# What is you favorite type of pencil?



## RELusion76 (Jul 19, 2012)

What is your favorite type of pencil to use? I usually buy Staedtler for doing my pencil portraits, and for sketching I use the cheap BIC mechanical pencils.


----------



## JustJan (Sep 8, 2012)

I'm new to the forum..Hi all..I use a regular old # 2 pencil.


----------



## Blunder (May 16, 2011)

A sharp pencil is preferred. 

For sketching/pre-drawing I use a Pentel 0.5 2H. I find 4H to be too hard and light for the soft pressure I use. To finish I'll use a Pentel 0.7 or 0.9 HB or even a stick of HB graphite (think of those big red pencils you had in Kindergarten.
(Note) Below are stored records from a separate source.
(* Let $\mathcal C\subseteq(S^2)^n$ be a vector trifferent code equipped with a fixed total order $<$. For $x,y,a,b\in\mathcal C$ with $x<y$ and $a<b$, \[ P_{x,y}(E_{a,b})=\begin{cases}\{0\}, & (a,b)\ne(x,y),\\ E_{a,b}, & (a,b)=(x,y).\end{cases} \] Consequently the sum $\sum_{x<y} E_{x,y}$ of subspaces of $(\mathbb R^3)^{\otimes n}$, over all pairs $x<y$ in $\mathcal C$, is a direct sum.
   Context: A vector trifferent code of block length $n$ is a subset $\mathcal C\subseteq(S^2)^n$ ($S^2$ the unit sphere in $\mathbb R^3$) such that for any three distinct $x,y,z\in\mathcal C$ there is $i\in[n]$ with $x_i,y_i,z_i$ mutually orthogonal. For nonzero $u,v\in\mathbb R^3$ define the subspace $f(u,v)=u^\perp\cap v^\perp$ if $u\perp v$, and $f(u,v)=u^\perp$ otherwise, where $u^\perp$ is the orthogonal complement of $u$ in $\mathbb R^3$. For $x,y\in\mathcal C$ define $E_{x,y}=\bigotimes_{i=1}^n f(x_i,y_i)\subseteq(\mathbb R^3)^{\otimes n}$ and $P_{x,y}=\bigotimes_{i=1}^n P_{f(x_i,y_i)}$, where $P_S$ denotes the orthogonal projection of $\mathbb R^3$ onto the subspace $S$. *)

From HB Require Import structures.
From mathcomp Require Import all_boot all_order all_algebra.
From mathcomp Require Import finmap.
From mathcomp Require Import mxtens.
Set Implicit Arguments. Unset Strict Implicit. Unset Printing Implicit Defensive.
Import Order.TTheory GRing.Theory Num.Theory.
Local Open Scope ring_scope.

(* Vectors of R^3 are row vectors 'rV[R]_3; a subspace S of R^m is
   represented (mxalgebra style) by a square matrix whose row space is S.
   Linear maps act on row vectors by right multiplication.
   The tensor power (R^3)^{(x) n} is 'rV[R]_(3^n), with the Kronecker
   product [tensmx] (from mathcomp real_closed/mxtens.v). *)

Section Defs.
Variable R : realFieldType.

Definition dot3 (u v : 'rV[R]_3) : R := (u *m v^T) 0 0.

Definition perp (u : 'rV[R]_3) : 'M[R]_3 := kermx u^T.

Definition fsub (u v : 'rV[R]_3) : 'M[R]_3 :=
  if dot3 u v == 0 then (perp u :&: perp v)%MS else perp u.

Definition oproj (S : 'M[R]_3) : 'M[R]_3 := proj_mx S (kermx S^T).

Fixpoint tens_seq (s : seq 'M[R]_3) : 'M[R]_(3 ^ size s) :=
  match s return 'M[R]_(3 ^ size s) with
  | [::] => castmx (esym (expn0 3), esym (expn0 3)) (1%:M : 'M[R]_1)
  | M :: s' => castmx (esym (expnS 3 (size s')), esym (expnS 3 (size s')))
                 (tensmx M (tens_seq s'))
  end.

Lemma size_map_enum_ord n (F : 'I_n -> 'M[R]_3) :
  size [seq F i | i <- enum 'I_n] = n.
Proof. by rewrite size_map size_enum_ord. Qed.

Definition tens_fam n (F : 'I_n -> 'M[R]_3) : 'M[R]_(3 ^ n) :=
  castmx (congr1 (expn 3) (size_map_enum_ord F),
          congr1 (expn 3) (size_map_enum_ord F))
    (tens_seq [seq F i | i <- enum 'I_n]).

(* words of block length n: row i of x : 'M_(n,3) is the coordinate x_i *)
Definition coord n (x : 'M[R]_(n, 3)) (i : 'I_n) : 'rV[R]_3 := row i x.

Definition on_sphere n (x : 'M[R]_(n, 3)) : Prop :=
  forall i, dot3 (coord x i) (coord x i) = 1.

Definition mutually_orth (u v w : 'rV[R]_3) : Prop :=
  [/\ dot3 u v = 0, dot3 u w = 0 & dot3 v w = 0].

Definition vector_trifferent n (C : {fset 'M[R]_(n, 3)}) : Prop :=
  (forall x, x \in C -> on_sphere x) /\
  (forall x y z, x \in C -> y \in C -> z \in C ->
     x != y -> x != z -> y != z ->
     exists i, mutually_orth (coord x i) (coord y i) (coord z i)).

Definition Exy n (x y : 'M[R]_(n, 3)) : 'M[R]_(3 ^ n) :=
  tens_fam (fun i => fsub (coord x i) (coord y i)).

Definition Pxy n (x y : 'M[R]_(n, 3)) : 'M[R]_(3 ^ n) :=
  tens_fam (fun i => oproj (fsub (coord x i) (coord y i))).

Definition strict_total_on (T : eqType) (A : pred T) (lt : rel T) : Prop :=
  [/\ (forall x, x \in A -> ~~ lt x x),
      (forall x y z, x \in A -> y \in A -> z \in A -> lt x y -> lt y z -> lt x z)
    & (forall x y, x \in A -> y \in A -> x != y -> lt x y || lt y x)].

End Defs.

From Pilot Require Import Defs.
From HB Require Import structures.
From mathcomp Require Import all_boot all_order all_algebra.
From mathcomp Require Import finmap.
From mathcomp Require Import mxtens.
Set Implicit Arguments. Unset Strict Implicit. Unset Printing Implicit Defensive.
Import Order.TTheory GRing.Theory Num.Theory.
Local Open Scope ring_scope.

(* On each coordinate i, P_{x,y} is the orthogonal projection onto f(x_i, y_i),
   so E_{a,b} P_{x,y} is the tensor product of the f(a_i, b_i) P_{f(x_i, y_i)}:
   it is E_{x,y} when (a, b) = (x, y) and it vanishes as soon as one factor
   does.  If (a, b) is neither (x, y) nor (y, x), pick z in {a, b} outside
   {x, y}; trifferency gives a coordinate i at which x_i, y_i, z_i are
   orthonormal.  There f(x_i, y_i) = x_i^perp :&: y_i^perp is the line through
   z_i, whereas f(a_i, b_i) lies in z_i^perp (either z = a, or z = b and a_i is
   x_i or y_i, hence orthogonal to b_i), so that factor is zero.  Directness of
   the sum follows: a vector of E_p :&: (sum of the other E_q) is both fixed
   and killed by P_p. *)

(* finmap's [fsub] and vector's [coord] shadow the definitions of Defs. *)
Local Notation fsub := Defs.fsub.
Local Notation coord := Defs.coord.

Section CastMx.
Variable R : pzRingType.

Lemma castmx_mulmx k N (e : k = N) (A B : 'M[R]_k) :
  castmx (e, e) A *m castmx (e, e) B = castmx (e, e) (A *m B).
Proof. by case: N / e; rewrite !castmx_id. Qed.

Lemma castmx0 m n m' n' (e : (m = m') * (n = n')) : castmx e (0 : 'M[R]_(m, n)) = 0.
Proof. by case: e => em en; case: m' / em; case: n' / en; rewrite castmx_id. Qed.

Lemma castmx1 k N (e : k = N) : castmx (e, e) (1%:M : 'M[R]_k) = 1%:M.
Proof. by case: N / e; rewrite castmx_id. Qed.

Lemma tensmx_castmxr m n p (e : n = p) (A : 'M[R]_m) (B : 'M[R]_n) :
  A *t castmx (e, e) B = castmx (congr1 (muln m) e, congr1 (muln m) e) (A *t B).
Proof. by case: p / e; rewrite !castmx_id. Qed.

End CastMx.

Section TensorFamily.
Variables (R : realFieldType) (I : eqType).
Implicit Types (F G : I -> 'M[R]_3) (s : seq I).

Definition tens_map F s : 'M[R]_(3 ^ size s) :=
  castmx (congr1 (expn 3) (size_map F s), congr1 (expn 3) (size_map F s))
    (tens_seq [seq F i | i <- s]).

Lemma tens_map_nil F : tens_map F [::] = 1%:M.
Proof. by rewrite /tens_map /= castmx_comp castmx1. Qed.

Lemma tens_map_cons F i s :
  tens_map F (i :: s) =
  castmx (esym (expnS 3 (size s)), esym (expnS 3 (size s))) (F i *t tens_map F s).
Proof. by rewrite /tens_map /= tensmx_castmxr !castmx_comp; apply: eq_castmx. Qed.

Lemma tens_map_mul F G s :
  tens_map F s *m tens_map G s = tens_map (fun i => F i *m G i) s.
Proof.
elim: s => [|i s IHs]; first by rewrite !tens_map_nil mulmx1.
by rewrite !tens_map_cons castmx_mulmx tensmx_mul IHs.
Qed.

Lemma eq_tens_map F G s : F =1 G -> tens_map F s = tens_map G s.
Proof.
move=> eqFG; elim: s => [|i s IHs]; first by rewrite !tens_map_nil.
by rewrite !tens_map_cons eqFG IHs.
Qed.

Lemma tens_map_eq0 F s i : i \in s -> F i = 0 -> tens_map F s = 0.
Proof.
move=> + Fi0; elim: s => [|j s IHs] //; rewrite inE tens_map_cons.
by case/predU1P => [<- | /IHs ->]; rewrite ?Fi0 ?tens0mx ?tensmx0 castmx0.
Qed.

End TensorFamily.

Section TensorProductOverCoordinates.
Variables (R : realFieldType) (n : nat).
Implicit Types F G : 'I_n -> 'M[R]_3.

Let e_enum := congr1 (expn 3) (size_enum_ord n).

Lemma tens_famE F : tens_fam F = castmx (e_enum, e_enum) (tens_map F (enum 'I_n)).
Proof. by rewrite /tens_fam /tens_map castmx_comp; apply: eq_castmx. Qed.

Lemma tens_fam_mul F G : tens_fam F *m tens_fam G = tens_fam (fun i => F i *m G i).
Proof. by rewrite !tens_famE castmx_mulmx tens_map_mul. Qed.

Lemma eq_tens_fam F G : F =1 G -> tens_fam F = tens_fam G.
Proof. by move=> eqFG; rewrite !tens_famE (eq_tens_map _ eqFG). Qed.

Lemma tens_fam_eq0 F i : F i = 0 -> tens_fam F = 0.
Proof. by move=> Fi0; rewrite tens_famE (tens_map_eq0 (mem_enum _ i)) ?castmx0. Qed.

End TensorProductOverCoordinates.

Lemma kermx_trmxS (F : fieldType) m1 m2 n (S : 'M[F]_(m1, n)) (T : 'M[F]_(m2, n)) :
  (S <= T)%MS -> (kermx T^T <= kermx S^T)%MS.
Proof.
by case/submxP=> D ->; apply/sub_kermxP; rewrite trmx_mul mulmxA mulmx_ker mul0mx.
Qed.

Section Orthogonality.
Variable R : realFieldType.

Lemma rv_mul_trmx_eq0 m (v : 'rV[R]_m) : v *m v^T = 0 -> v = 0.
Proof.
move/matrixP/(_ 0 0); rewrite !mxE => vv0; apply/rowP => k; rewrite mxE.
have sq_ge0 i : true -> 0 <= v 0 i * v^T i 0 by rewrite mxE -expr2 sqr_ge0.
move: (psumr_eq0P sq_ge0 vv0 (i := k) isT) => /eqP.
by rewrite mxE mulf_eq0 orbb => /eqP.
Qed.

Lemma capmx_kermx_tr m n (S : 'M[R]_(m, n)) : (S :&: kermx S^T)%MS = 0.
Proof.
apply/eqP; rewrite -submx0; apply/rV_subP => v.
rewrite sub_capmx => /andP[/submxP[a ->] /sub_kermxP aSS0].
by rewrite (rv_mul_trmx_eq0 (v := a *m S)) ?sub0mx // trmx_mul mulmxA aSS0 mul0mx.
Qed.

Implicit Types (S T : 'M[R]_3) (u v w z : 'rV[R]_3).

Lemma oproj_id S : S *m oproj S = S.
Proof. by rewrite /oproj proj_mx_id ?capmx_kermx_tr. Qed.

Lemma oproj_eq0 S T : (T <= kermx S^T)%MS -> T *m oproj S = 0.
Proof. by move=> sTS; rewrite /oproj proj_mx_0 ?capmx_kermx_tr. Qed.

Lemma dot3_mx11 u v : u *m v^T = (dot3 u v)%:M.
Proof. exact: mx11_scalar. Qed.

Lemma dot3C u v : dot3 u v = dot3 v u.
Proof. by rewrite /dot3 -[u *m v^T]trmxK trmx_mul trmxK mxE. Qed.

Lemma sub_perp w u : (w <= perp u)%MS = (dot3 w u == 0).
Proof.
by rewrite /perp sub_kermx dot3_mx11 -scalemx1 scalemx_eq0 oner_eq0 orbF.
Qed.

Definition orthonormal3 u v w :=
  [/\ dot3 u u = 1, dot3 v v = 1, dot3 w w = 1 & mutually_orth u v w].

Lemma orthonormal3_expansion u v w z : orthonormal3 u v w ->
  z = dot3 z u *: u + dot3 z v *: v + dot3 z w *: w.
Proof.
case=> uu vv ww [uv uw vw].
(* The rows u, v, w make an orthogonal matrix M, so that M^T M = 1 too. *)
pose M : 'M[R]_(1 + (1 + 1), 3) := col_mx u (col_mx v w).
have MMt : M *m M^T = 1%:M.
  rewrite /M tr_col_mx tr_col_mx !(mul_col_row, mul_mx_row, mul_col_mx) !dot3_mx11.
  rewrite uu vv ww uv uw vw (dot3C v u) (dot3C w u) (dot3C w v) uv uw vw.
  by rewrite raddf0 row_mx0 col_mx0 -!scalar_mx_block.
rewrite -[z in LHS]mulmx1 -(mulmx1C MMt) mulmxA /M tr_col_mx tr_col_mx.
by rewrite !(mul_mx_row, mul_row_col) !dot3_mx11 !mul_scalar_mx addrA.
Qed.

End Orthogonality.

Section CoordinateSubspaces.
Variable R : realFieldType.
Implicit Types (S : 'M[R]_3) (u v w : 'rV[R]_3).

Lemma fsub_perpl u v : (fsub u v <= perp u)%MS.
Proof. by rewrite /fsub; case: ifP => _; rewrite ?capmxSl. Qed.

Lemma fsub_perpr u v : dot3 u v = 0 -> (fsub u v <= perp v)%MS.
Proof. by rewrite /fsub => ->; rewrite eqxx capmxSr. Qed.

Lemma capmx_perp_orthonormal u v w : orthonormal3 u v w -> (perp u :&: perp v <= w)%MS.
Proof.
move=> uvw; apply/rV_subP => z; rewrite sub_capmx !sub_perp => /andP[/eqP zu /eqP zv].
by rewrite (orthonormal3_expansion z uvw) zu zv !scale0r !add0r scalemx_sub.
Qed.

Lemma fsub_orthonormal u v w : orthonormal3 u v w -> (fsub u v <= w)%MS.
Proof.
move=> uvw; case: (uvw) => _ _ _ [uv _ _].
by rewrite /fsub uv eqxx capmx_perp_orthonormal.
Qed.

Lemma orth_fsub_orthonormal u v w S :
  orthonormal3 u v w -> (S <= perp w)%MS -> (S <= kermx (fsub u v)^T)%MS.
Proof.
move=> /fsub_orthonormal/kermx_trmxS perp_w_sub sSw.
exact: submx_trans sSw perp_w_sub.
Qed.

End CoordinateSubspaces.

Local Open Scope fset_scope.

Section TrifferentCode.
Variables (R : realFieldType) (n : nat) (C : {fset 'M[R]_(n, 3)}).
Hypothesis trifC : vector_trifferent C.
Implicit Types x y z a b : 'M[R]_(n, 3).

Lemma trifferent_orthonormal x y z : x \in C -> y \in C -> z \in C ->
  x != y -> x != z -> y != z ->
  exists i, orthonormal3 (coord x i) (coord y i) (coord z i).
Proof.
case: trifC => sphC tri xC yC zC xy xz yz.
have [i orth_i] := tri x y z xC yC zC xy xz yz.
by exists i; split; rewrite ?sphC.
Qed.

Lemma trifferent_fsub_orth x y a b : x \in C -> y \in C -> a \in C -> b \in C ->
  x != y -> a != b -> (a, b) != (x, y) -> (a, b) != (y, x) ->
  exists i, (fsub (coord a i) (coord b i) <= kermx (fsub (coord x i) (coord y i))^T)%MS.
Proof.
move=> xC yC aC bC xy ab abxy abyx.
have [/orP[]/eqP aE | /norP[ax ay]] := boolP ((a == x) || (a == y)); first 2 last.
- rewrite ![a == _]eq_sym in ax ay.
  have [i xya] := trifferent_orthonormal xC yC aC xy ax ay.
  by exists i; apply: orth_fsub_orthonormal xya (fsub_perpl _ _).
- subst a; have yb : y != b by apply: contraNneq abxy => <-.
  have [i xyb] := trifferent_orthonormal xC yC bC xy ab yb.
  exists i; apply: (orth_fsub_orthonormal xyb) (fsub_perpr _).
  by case: xyb => _ _ _ [].
- subst a; have xb : x != b by apply: contraNneq abyx => <-.
  have [i xyb] := trifferent_orthonormal xC yC bC xy xb ab.
  exists i; apply: (orth_fsub_orthonormal xyb) (fsub_perpr _).
  by case: xyb => _ _ _ [].
Qed.

Lemma Exy_mul_Pxy x y : Exy x y *m Pxy x y = Exy x y.
Proof. by rewrite /Exy /Pxy tens_fam_mul; apply: eq_tens_fam => i; apply: oproj_id. Qed.

Lemma Exy_mul_Pxy_eq0 x y a b : x \in C -> y \in C -> a \in C -> b \in C ->
  x != y -> a != b -> (a, b) != (x, y) -> (a, b) != (y, x) ->
  Exy a b *m Pxy x y = 0.
Proof.
move=> xC yC aC bC xy ab abxy abyx.
have [i orth_i] := trifferent_fsub_orth xC yC aC bC xy ab abxy abyx.
by rewrite /Exy /Pxy tens_fam_mul (tens_fam_eq0 (i := i)) // oproj_eq0.
Qed.

End TrifferentCode.

Section DirectSumByProjections.
Variables (F : fieldType) (I : finType) (P : pred I) (m : nat) (E Q : I -> 'M[F]_m).
Hypothesis EQ_id : forall i, P i -> E i *m Q i = E i.
Hypothesis EQ_eq0 : forall i j, P i -> P j -> j != i -> E j *m Q i = 0.

Lemma mxdirect_sums_proj : mxdirect (\sum_(i | P i) E i).
Proof.
apply/mxdirect_sumsP => i Pi; set M := (_ :&: _)%MS.
have /submxP[D ME] : (M <= E i)%MS by apply: capmxSl.
have : M *m Q i = 0.
  apply/sub_kermxP; apply: submx_trans (capmxSr _ _) _.
  by apply/sumsmx_subP => j /andP[Pj ji]; apply/sub_kermxP; apply: EQ_eq0.
by rewrite ME -mulmxA EQ_id.
Qed.

End DirectSumByProjections.

Theorem mainTheorem6 (R : realFieldType) (n : nat)
  (C : {fset 'M[R]_(n, 3)}) (lt : rel 'M[R]_(n, 3)) :
  vector_trifferent C ->
  strict_total_on (mem C) lt ->
  (forall x y a b, x \in C -> y \in C -> a \in C -> b \in C ->
     lt x y -> lt a b ->
     (Exy a b *m Pxy x y ==
        (if (a, b) == (x, y) then Exy a b else 0 : 'M[R]_(3 ^ n)))%MS) /\
  mxdirect (\sum_(p : C * C | lt (val p.1) (val p.2))
              Exy (val p.1) (val p.2))%MS.
Proof.
move=> trifC [lt_irr lt_trans _].
have lt_neq x y : x \in C -> lt x y -> x != y.
  by move=> xC ltxy; apply/eqP => xy; move: (lt_irr x xC); rewrite {2}xy ltxy.
have EP_eq0 x y a b : x \in C -> y \in C -> a \in C -> b \in C ->
    lt x y -> lt a b -> (a, b) != (x, y) -> Exy a b *m Pxy x y = 0.
  move=> xC yC aC bC ltxy ltab abxy.
  apply: (Exy_mul_Pxy_eq0 trifC xC yC aC bC (lt_neq _ _ xC ltxy)
           (lt_neq _ _ aC ltab) abxy).
  by apply/eqP => -[ay bx]; subst; move: (lt_irr x xC); rewrite (lt_trans x y x).
split=> [x y a b xC yC aC bC ltxy ltab | ].
  case: eqP => [[-> ->] | /eqP abxy]; first by rewrite Exy_mul_Pxy !submx_refl.
  by rewrite (EP_eq0 x y) ?submx_refl.
apply: mxdirect_sums_proj => [p _ | p q ltp ltq qp]; first exact: Exy_mul_Pxy.
(* [q != p] in [C * C] unfolds to a comparison of the underlying matrices. *)
by apply: EP_eq0 ltp ltq qp; apply: fsvalP.
Qed.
If you're old enough) available at most art shops.


----------



## RELusion76 (Jul 19, 2012)

I think I remember those big red pencils.


----------



## George924 (Oct 8, 2012)

The one in my hand at the time...


----------



## devilspit (Nov 27, 2012)

I've tried a few different brands and seem to like the Blick Studio pencils for my portraits.


----------



## George924 (Oct 8, 2012)

Prismacolor use to be a very great brand but has went down in quality since the manufacturing went to Mexico...Blick pencils are the best for the price now


----------



## Gryphon (Dec 18, 2012)

#2 pencil, although I have a set of charcoal pencils somewhere.....


----------



## Darksouth (Dec 29, 2012)

Staedtler mechanical pencil w/ 2mm HB lead.


----------



## gone south (Dec 31, 2012)

I like all pencils I'm using graphite a lot and I love charcoal


----------